ACTIVITY: All that should be output is the block of lines below from the line with "assert (Ha : NoDup" to the line with "- intros S w' HS Hw'.", both included, exactly as written.
★ ★ ★ ★ ★
Lemma rooted_cluster_zero_at_root (w w' : nat) (mu : V -> nat) :
  rooted_cluster (r :: rs) F w mu -> (mu r + w')%nat = w ->
  let S := filter (fun v => (0 <? mu v)%nat) C in
  rooted_cluster (rs ++ S) (peeled_forbidden F r C S) w' (zero_at mu r).
Proof.
  intros Hmu Hw S. pose proof Hmu as [HF [Hr [[s [Hs [Hss Hsum]]] Hc]]].
  inversion roots_NoDup as [|? ? HrR Hrs]; subst.
  split; [|split; [|split]].
  - intros v Hv. destruct (classic (v = r)) as [->|Hne]; [apply zero_at_eq|].
    rewrite zero_at_neq by exact Hne. destruct Hv as [Hv|[Hv|[HvC HvS]]]; auto; [contradiction|].
    destruct (Nat.eq_dec (mu v) 0) as [E|E]; [exact E|]. exfalso; apply HvS.
    apply filter_In; split; [exact HvC | apply Nat.ltb_lt; lia].
  - intros v Hv. apply in_app_or in Hv as [Hv|Hv].
    + rewrite zero_at_neq by (intros ->; contradiction). apply Hr; right; exact Hv.
    + apply filter_In in Hv as [HvC Hp]. apply Nat.ltb_lt in Hp.
      rewrite zero_at_neq; [lia|]. intros ->.
      apply C_fresh in HvC as [_ [Hn _]]. apply Hn; left; reflexivity.
  - exists s. split; [exact Hs|]. split.
    + intros v Hv. apply Hss. destruct (classic (v = r)) as [->|Hne].
      * rewrite zero_at_eq in Hv; lia.
      * rewrite zero_at_neq in Hv; auto.
    + assert (Hrs' : In r s) by (apply Hss; apply Hr; left; reflexivity).
      pose proof (list_sum_zero_at mu r s Hs Hrs'). lia.
  - intros v Hv. destruct (classic (v = r)) as [->|Hne]; [rewrite zero_at_eq in Hv; lia|].
    rewrite zero_at_neq in Hv by exact Hne.
    destruct (Hc v Hv) as [r0 [Hr0 Hp]].
    apply (induced_path_avoiding_root mu v r0); auto. apply clos_rt_rt1n, Hp.
Qed.

Lemma at_most_peel_root (w : nat) (B : list V -> nat -> R) :
  (forall S w', In S (subsets C) -> (w' < w)%nat ->
     at_most (rooted_cluster (rs ++ S) (peeled_forbidden F r C S) w') (B S w')) ->
  at_most (rooted_cluster (r :: rs) F w)
    (sumR (map (fun w' => sumR (map (fun S => B S w') (subsets C))) (seq 0 w))).
Proof.
  intros HB.
  apply (at_most_cover _ (fun w' mu => (mu r + w')%nat = w)).
  { intros mu Hmu.
    destruct (rooted_cluster_root_bounds _ _ _ _ r Hmu) as [H1 H2]; [left; reflexivity|].
    exists (w - mu r)%nat. split; [apply in_seq; lia | lia]. }
  intros w' Hw'. apply in_seq in Hw'.
  apply (at_most_cover _ (fun S mu => filter (fun v => (0 <? mu v)%nat) C = S)).
  { intros mu _. eexists; split; [apply filter_In_subsets | reflexivity]. }
  intros S HS.
  apply (at_most_inj _ (rooted_cluster (rs ++ S) (peeled_forbidden F r C S) w')
                     (fun mu => zero_at mu r)).
  - intros mu [[Hmu Hw] <-]. apply (rooted_cluster_zero_at_root w); auto.
  - intros mu1 mu2 [[_ H1] _] [[_ H2] _]. apply zero_at_inj. lia.
  - apply HB; [exact HS | lia].
Qed.

Lemma peeled_roots_admissible (S : list V) :
  NoDup C -> In S (subsets C) ->
  (forall z, In z rs -> exists u, F u /\ adj z u) ->
  NoDup (rs ++ S) /\ (forall z, In z (rs ++ S) -> exists u, peeled_forbidden F r C S u /\ adj z u).
Proof.
  intros HC HS Hforb. destruct (subsets_NoDup_incl C S HS HC) as [HSnd HSC].
  inversion roots_NoDup as [|? ? HrR Hrs]; subst. split.
  - apply NoDup_app; auto. intros z Hz HzS.
    destruct (proj1 (C_fresh z) (HSC z HzS)) as [_ [Hfresh _]]. apply Hfresh; right; exact Hz.
  - intros z Hz. apply in_app_or in Hz as [Hz|Hz].
    + destruct (Hforb z Hz) as [u [Fu Hu]]. exists u. split; [left|]; assumption.
    + exists r. split; [right; left; reflexivity|]. apply adj_sym, C_fresh, HSC, Hz.
Qed.

End Peel.

Variable d : nat.
Hypothesis degree_le : forall v, exists k, (k <= d)%nat /\ has_degree adj v k.

Lemma fresh_neighbours (r : V) (rs : list V) (F : V -> Prop) :
  exists C, NoDup C /\ (forall v, In v C <-> adj r v /\ ~ In v (r :: rs) /\ ~ F v) /\
    (length C <= d)%nat /\ ((exists u, F u /\ adj r u) -> (S (length C) <= d)%nat).
Proof.
  destruct (degree_le r) as [k [Hk [N [HN [HNr <-]]]]].
  set (C := filter (fun v => classic_bool (~ (In v (r :: rs) \/ F v))) N).
  assert (HC : forall v, In v C <-> adj r v /\ ~ In v (r :: rs) /\ ~ F v).
  { intros v. unfold C. rewrite filter_In, classic_bool_true, HNr. tauto. }
  exists C. split; [apply NoDup_filter, HN|]. split; [exact HC|]. split.
  - etransitivity; [|exact Hk]. apply NoDup_incl_length; [apply NoDup_filter, HN|].
    intros v Hv. apply HNr, HC, Hv.
  - intros [u [Fu Hu]]. etransitivity; [|exact Hk].
    change (S (length C)) with (length (u :: C)). apply NoDup_incl_length.
    + constructor; [intros Hin; apply HC in Hin; tauto | apply NoDup_filter, HN].
    + intros v [<-|Hv]; apply HNr; [exact Hu | apply HC, Hv].
Qed.

Variable G : nat -> nat -> R.
Hypothesis G_admissible : admissible_profile d G.

Lemma at_most_rooted_profile (w : nat) :
  forall rs F, NoDup rs -> (forall r, In r rs -> exists u, F u /\ adj r u) ->
  at_most (rooted_cluster rs F w) (G (length rs) w).
Proof.
  destruct G_admissible as [HG00 [HG0 HGstep]].
  induction w as [w IH] using Wf_nat.lt_wf_ind. intros [|r rs] F Hrs Hforb.
  - destruct w as [|w].
    + apply (at_most_le _ 1); [exact HG00|].
      apply (at_most_subsingleton _ (fun _ => 0%nat)). intros mu Hmu.
      apply (rooted_cluster_nil F 0 mu Hmu).
    + apply (at_most_le _ 0); [apply HG0|]. apply at_most_empty. intros mu Hmu.
      destruct (rooted_cluster_nil F (S w) mu Hmu) as [_ E]. discriminate.
  - destruct (fresh_neighbours r rs F) as [C [HCnd [HC [_ HlC]]]].
    specialize (HlC (Hforb r (or_introl eq_refl))).
    eapply at_most_le;
      [|apply (at_most_peel_root r rs F C Hrs HC w (fun S w' => G (length rs + length S)%nat w'))].
    + rewrite sumR_subsets_peel. apply HGstep. lia.
    + intros S w' HS Hw'. rewrite <- length_app.
      destruct (peeled_roots_admissible r rs F C Hrs HC S HCnd HS
                  (fun z Hz => Hforb z (or_intror Hz))) as [Hnd Hforb'].
      apply IH; assumption.
Qed.

Lemma at_most_clusters_at (a : V) (w : nat) (T : R) :
  (forall c, (c <= d)%nat -> peel_bound G 0 c w <= T) ->
  at_most (rooted_cluster [a] (fun _ => False) w) T.
Proof.
  intros HT. destruct (fresh_neighbours a [] (fun _ => False)) as [C [HCnd [HC [HlC _]]]].
  assert (Ha : NoDup [a]) by (constructor; [intros [] | constructor]).
  eapply at_most_le;
    [|apply (at_most_peel_root a [] (fun _ => False) C Ha HC w
              (fun S w' => G (0 + length S)%nat w'))].
  - rewrite sumR_subsets_peel. apply HT, HlC.
  - intros S w' HS Hw'.
    destruct (peeled_roots_admissible a [] (fun _ => False) C Ha HC S HCnd HS
                (fun z Hz => match Hz with end)) as [Hnd Hforb].
    apply (at_most_rooted_profile w' S); assumption.
Qed.

End RootedClusters.

Lemma peel_bound_geometric (g b : R) (k c w : nat) :
  peel_bound (fun k w => g ^ k * b ^ w) k c w = g ^ k * (1 + g) ^ c * sumR (map (pow b) (seq 0 w)).
Proof.
  unfold peel_bound. rewrite <- sumR_map_scal. apply sumR_map_ext. intros w' _.
  rewrite (binomial_sum_ext c _ (fun j => (g ^ k * b ^ w') * g ^ j)), binomial_sum_pow; [ring|].
  intros j. rewrite pow_add. ring.
Qed.

Lemma geometric_profile_admissible (d : nat) (g b : R) :
  0 < g -> 1 < b -> (1 + g) ^ (d - 1) <= g * (b - 1) ->
  admissible_profile d (fun k w => g ^ k * b ^ w).
Proof.
  intros Hg Hb Hgb. split; [simpl; lra|]. split; [intros w; simpl; pose proof (pow_lt b w); lra|].
  intros k c w Hc. rewrite peel_bound_geometric.
  pose proof (geometric_sum b w) as Hsum. pose proof (pow_lt b w).
  pose proof (pow_lt g k). pose proof (pow_lt (1 + g) c).
  assert (Hpow : (1 + g) ^ c <= (1 + g) ^ (d - 1)) by (apply Rle_pow; lra || lia).
  apply Rmult_le_reg_l with (b - 1); [lra|]. simpl.
  replace ((b - 1) * (g ^ k * (1 + g) ^ c * sumR (map (pow b) (seq 0 w))))
    with (g ^ k * (1 + g) ^ c * ((b - 1) * sumR (map (pow b) (seq 0 w)))) by ring.
  rewrite Hsum.
  apply Rle_trans with (g ^ k * (1 + g) ^ (d - 1) * b ^ w).
  - apply Rle_trans with (g ^ k * (1 + g) ^ c * b ^ w); [nra|].
    apply Rmult_le_compat_r; [lra|]. apply Rmult_le_compat_l; lra.
  - replace ((b - 1) * (g * g ^ k * b ^ w)) with (g ^ k * (g * (b - 1)) * b ^ w) by ring.
    apply Rmult_le_compat_r; [lra|]. apply Rmult_le_compat_l; lra.
Qed.

Lemma geometric_peel_bound_le (d : nat) (g b E : R) (c w : nat) :
  0 < g -> 1 < b -> (1 + g) ^ d * b <= E * (b - 1) -> (c <= d)%nat -> (1 <= w)%nat ->
  peel_bound (fun k w => g ^ k * b ^ w) 0 c w <= E * b ^ (w - 1).
Proof.
  intros Hg Hb HE Hc Hw. rewrite peel_bound_geometric. simpl pow at 1.
  pose proof (geometric_sum b w) as Hsum. pose proof (pow_lt b (w - 1)).
  pose proof (pow_lt (1 + g) c).
  assert (Hpow : (1 + g) ^ c <= (1 + g) ^ d) by (apply Rle_pow; lra || lia).
  assert (Hbw : b ^ w = b * b ^ (w - 1)) by (replace w with (S (w - 1)) at 1 by lia; reflexivity).
  apply Rmult_le_reg_l with (b - 1); [lra|].
  replace ((b - 1) * (1 * (1 + g) ^ c * sumR (map (pow b) (seq 0 w))))
    with ((1 + g) ^ c * ((b - 1) * sumR (map (pow b) (seq 0 w)))) by ring.
  rewrite Hsum, Hbw.
  apply Rle_trans with ((1 + g) ^ d * b * b ^ (w - 1)).
  - apply Rle_trans with ((1 + g) ^ c * b * b ^ (w - 1)); [nra|].
    apply Rmult_le_compat_r; [lra|]. apply Rmult_le_compat_r; lra.
  - replace ((b - 1) * (E * b ^ (w - 1))) with (E * (b - 1) * b ^ (w - 1)) by ring.
    apply Rmult_le_compat_r; lra.
Qed.

Definition polynomial_profile (k w : nat) : R :=
  match k, w with
  | O, O => 1
  | S k, S _ => INR w ^ k
  | _, _ => 0
  end.

Lemma polynomial_profile_admissible : admissible_profile 1 polynomial_profile.
Proof.
  split; [simpl; lra|]. split; [intros [|w]; simpl; lra|].
  intros k c w Hc. replace c with 0%nat by lia. unfold peel_bound. simpl binomial_sum.
  rewrite Nat.add_0_r. destruct w as [|w]; [simpl; lra|].
  destruct k as [|k].
  - rewrite <- cons_seq.
    change (sumR (map _ (0%nat :: seq 1 w)))
      with (1 + sumR (map (fun w' => polynomial_profile 0 w') (seq 1 w))).
    assert (sumR (map (fun w' => polynomial_profile 0 w') (seq 1 w)) <= INR (length (seq 1 w)) * 0).
    { apply sumR_map_const_le. intros [|x] Hx; [apply in_seq in Hx; lia | simpl; lra]. }
    change (polynomial_profile 1 (S w)) with 1. lra.
  - eapply Rle_trans; [apply (sumR_map_const_le _ (INR (S w) ^ k))|].
    + intros [|x] Hx.
      * change (polynomial_profile (S k) 0) with 0. apply pow_le, pos_INR.
      * change (polynomial_profile (S k) (S x)) with (INR (S x) ^ k). apply in_seq in Hx.
        apply pow_incr. split; [apply pos_INR | apply le_INR; lia].
    + rewrite length_seq. simpl. lra.
Qed.

Lemma polynomial_peel_bound_le (c w : nat) :
  (c <= 1)%nat -> peel_bound polynomial_profile 0 c w <= INR w.
Proof.
  intros Hc. unfold peel_bound. eapply Rle_trans; [apply (sumR_map_const_le _ 1)|].
  - intros [|x] _; destruct c as [|[|c]]; simpl; lra || lia.
  - rewrite length_seq. lra.
Qed.

Lemma exp_pow_INR (x : R) (n : nat) : exp x ^ n = exp (INR n * x).
Proof.
  induction n as [|n IH]; simpl pow; [rewrite Rmult_0_l, exp_0; reflexivity|].
  rewrite IH, S_INR, <- exp_plus. f_equal; ring.
Qed.

Lemma exp_1_ge_5_2 : 5 / 2 <= exp 1.
Proof.
  replace 1 with (INR 8 * (1 / 8)) by (simpl; lra). rewrite <- exp_pow_INR.
  apply Rle_trans with ((1 + 1 / 8) ^ 8); [simpl; lra|].
  apply pow_incr. split; [lra | apply exp_ineq1_le].
Qed.

Lemma peeling_ratio_degree_2 :
  let b := 1 + exp 1 * (INR 2 - 1) in
  exists g, 0 < g /\ (1 + g) ^ (2 - 1) <= g * (b - 1) /\
    (1 + g) ^ 2 * b <= exp 1 * INR 2 * (b - 1).
Proof.
  intros b. unfold b. pose proof exp_1_ge_5_2 as He.
  replace (INR 2) with 2 by (simpl; lra).
  exists (2 / 3). simpl. split; [lra|]. split; [lra|].
  pose proof (Rmult_le_pos (exp 1 - 5 / 2) (exp 1) ltac:(lra) ltac:(lra)). lra.
Qed.

Lemma peeling_ratio_degree_ge_3 (d : nat) : (3 <= d)%nat ->
  let b := 1 + exp 1 * (INR d - 1) in
  exists g, 0 < g /\ (1 + g) ^ (d - 1) <= g * (b - 1) /\
    (1 + g) ^ d * b <= exp 1 * INR d * (b - 1).
Proof.
  intros Hd b. pose proof exp_1_ge_5_2 as He.
  set (t := INR d - 1).
  assert (Ht : 2 <= t) by (unfold t; apply le_INR in Hd; simpl in Hd; lra).
  assert (Hgt : / t * t = 1) by (field; lra).
  assert (Hg : 0 < / t) by (apply Rinv_0_lt_compat; lra).
  assert (Hpow : (1 + / t) ^ (d - 1) <= exp 1).
  { apply Rle_trans with (exp (/ t) ^ (d - 1)).
    - apply pow_incr. split; [lra | apply exp_ineq1_le].
    - rewrite exp_pow_INR, minus_INR by lia. simpl (INR 1). fold t. rewrite Rmult_comm, Hgt. lra. }
  exists (/ t). unfold b. fold t. split; [exact Hg|].
  replace (/ t * (1 + exp 1 * t - 1)) with (exp 1 * (/ t * t)) by ring. rewrite Hgt.
  split; [lra|].
  replace ((1 + / t) ^ d) with ((1 + / t) * (1 + / t) ^ (d - 1))
    by (replace d with (S (d - 1)) at 2 by lia; reflexivity).
  replace (INR d) with (t + 1) by (unfold t; ring).
  assert (Hpos : 0 < (1 + / t) ^ (d - 1)) by (apply pow_lt; lra).
  apply Rle_trans with (exp 1 * ((1 + / t) * (1 + exp 1 * t))).
  - replace (exp 1 * ((1 + / t) * (1 + exp 1 * t)))
      with ((1 + / t) * exp 1 * (1 + exp 1 * t)) by ring.
    apply Rmult_le_compat_r; [nra|]. apply Rmult_le_compat_l; lra.
  - replace ((1 + / t) * (1 + exp 1 * t)) with (1 + exp 1 * t + / t + exp 1 * (/ t * t)) by ring.
    rewrite Hgt. replace (exp 1 * (t + 1) * (1 + exp 1 * t - 1))
      with (exp 1 * (exp 1 * t * t + exp 1 * t)) by ring.
    apply Rmult_le_compat_l; [lra|].
    assert (/ t <= 1 / 2) by (apply Rmult_le_reg_r with t; [lra|]; rewrite Hgt; lra).
    assert (exp 1 * 4 <= exp 1 * (t * t)) by (apply Rmult_le_compat_l; nra).
    lra.
Qed.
★ ★ ★ ★ ★
SOLUTION FOR THIS TASK:
  assert (Ha : NoDup [a]) by (constructor; [intros [] | constructor]).
  eapply at_most_le;
    [|apply (at_most_peel_root a [] (fun _ => False) C Ha HC w
              (fun S w' => G (0 + length S)%nat w'))].
  - rewrite sumR_subsets_peel. apply HT, HlC.
  - intros S w' HS Hw'.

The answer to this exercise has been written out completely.